What is Psychological Safety

According to Amy Edmondson, a Professor of Leadership and Management at Harvard Business School, Psychological Safety is an environment (or in this case a home) where everyone believes that candor is welcomed. Other words for candor will be honesty, truthfulness, and sincerity, just to mention a few. Dr. Amy went on further to explain that lack of psychological safety in an environment can lead to apathy and unexplainable anxiety, which are two ingredients that teenagers do not react very well to.

Now, because I am tailoring this to the home or the family unit, I will redefine a home with Psychological Safety to be one where the entire family or stakeholders in the family, believe that sincerity, truthfulness, and honesty are always welcome. The perception and assumption amongst all family members in the home is one that every member of the family knows beyond every reasonable and unreasonable doubt that our home is a safe place to fail, share your struggles, make mistakes, and ask questions that can lead to learning.

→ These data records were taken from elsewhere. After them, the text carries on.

Lemma sum_expR_centered_le N (y : 'I_N -> R) M :
  (forall j, `|y j| <= M) -> \sum_j y j = 0 ->
  \sum_j expR (y j) <= N%:R * expR (M ^+ 2 / 2).
Proof.
move=> y_le_M sum_y0.
have [M_le0 | M_gt0] := lerP M 0.
  have y0 j : y j = 0 by apply/normr0_eq0/le_anti; rewrite normr_ge0 (le_trans (y_le_M j)).
  under eq_bigr do rewrite y0 expR0.
  rewrite sumr_const card_ord -[X in X <= _]mulr1 ler_wpM2l ?ler0n //.
  by rewrite (le_trans _ (expR_ge1Dx _)) // lerDl divr_ge0 ?sqr_ge0.
have chord_sum : 2 * M * \sum_j expR (y j) <= N%:R * M * (expR (- M) + expR M).
  rewrite mulr_sumr (le_trans (ler_sum _ (fun j _ => expR_le_chord (y_le_M j)))) //.
  rewrite big_split /= -!mulr_suml sumrB big_split /= sum_y0 !sumr_const card_ord.
  by rewrite subr0 addr0 -mulr_natr; lra.
rewrite -(ler_pM2l (_ : 0 < 2 * M)) ?mulr_gt0 //; apply: le_trans chord_sum _.
rewrite [X in _ <= X](_ : _ = N%:R * M * (2 * expR (M ^+ 2 / 2))); last by ring.
by rewrite ler_wpM2l ?mulr_ge0 ?ler0n ?(ltW M_gt0) // addrC expR_add_expRN_le.
Qed.

Lemma card_tail_le_sum_expR (T : finType) (F : T -> R) lam h : 0 <= h ->
  #|[set s | lam <= F s]|%:R <= \sum_s expR (h * (F s - lam)).
Proof.
move=> h_ge0; rewrite -sum1_card natr_sum big_mkcond /=.
apply: ler_sum => s _; rewrite inE; case: ifP => [lam_le_F | _]; last exact: expR_ge0.
by rewrite (le_trans _ (expR_ge1Dx _)) // lerDl mulr_ge0 // subr_ge0.
Qed.
End ExpBounds.

Lemma card_bigcup_le (I T : finType) (A : I -> {set T}) :
  (#|\bigcup_i A i| <= \sum_i #|A i|)%N.
Proof.
elim/big_rec2: _ => [|i n U _ le_U_n]; first by rewrite cards0.
by rewrite (leq_trans (leq_card_setU _ U).1) ?leq_add2l.
Qed.

Lemma sum_perm_lift (V : nmodType) N (F : 'S_N.+1 -> V) :
  \sum_s F s = \sum_(j < N.+1) \sum_(s : 'S_N) F (lift_perm j ord0 s).
Proof.
rewrite (partition_big (fun s : 'S_N.+1 => s^-1%g ord0) predT) //=.
apply: eq_bigr => j _; rewrite (eq_bigl (fun s : 'S_N.+1 => s j == ord0)); last first.
  by move=> s; rewrite -(inj_eq (@perm_inj _ s)) permKV eq_sym.
rewrite (reindex (lift_perm j ord0)) /=; last first.
  (* [ulsf j s] is [s] with [j] and [s j] deleted, inverting [lift_perm j ord0]. *)
  pose ulsf i (s : 'S_N.+1) k := odflt k (unlift (s i) (s (lift i k))).
  have ulsfK i (s : 'S_N.+1) k : lift (s i) (ulsf i s k) = s (lift i k).
    rewrite /ulsf; have := neq_lift i k.
    by rewrite -(can_eq (permK s)) => /unlift_some[] ? ? ->.
  have inj_ulsf : injective (ulsf j _).
    move=> s; apply: can_inj (ulsf (s j) s^-1%g) _ => k.
    by rewrite {1}/ulsf ulsfK !permK liftK.
  exists (fun s => perm (inj_ulsf s)) => [s _ | s].
    by apply/permP => k; rewrite permE /ulsf lift_perm_lift lift_perm_id liftK.
  move/eqP => sj0; apply/permP => k.
  case: (unliftP j k) => [k'|] ->; rewrite ?lift_perm_id //.
  by rewrite lift_perm_lift -sj0 permE ulsfK.
by apply: eq_bigl => s; rewrite lift_perm_id eqxx.
Qed.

With psychological safety, every member of the family knows for sure that in our home, we are safe to bring our victories, our setbacks, our scandals, our struggles, secrets, and so on, with the assurance that the information shared and opinions we give would not be used against us in any way. It will serve as feedback with which the family channels its efforts towards a stronger family bond.

The Temporary Disconnection


Research has shown that there is a certain phase in a teenager’s life where they tend to disconnect emotionally from their parents and transfer that connection to another adult outside the home, one they see as their role model due to certain values or traits, in line with what makes each teen unique. (Baumeister & Tice, 1986; Twenge, 2006).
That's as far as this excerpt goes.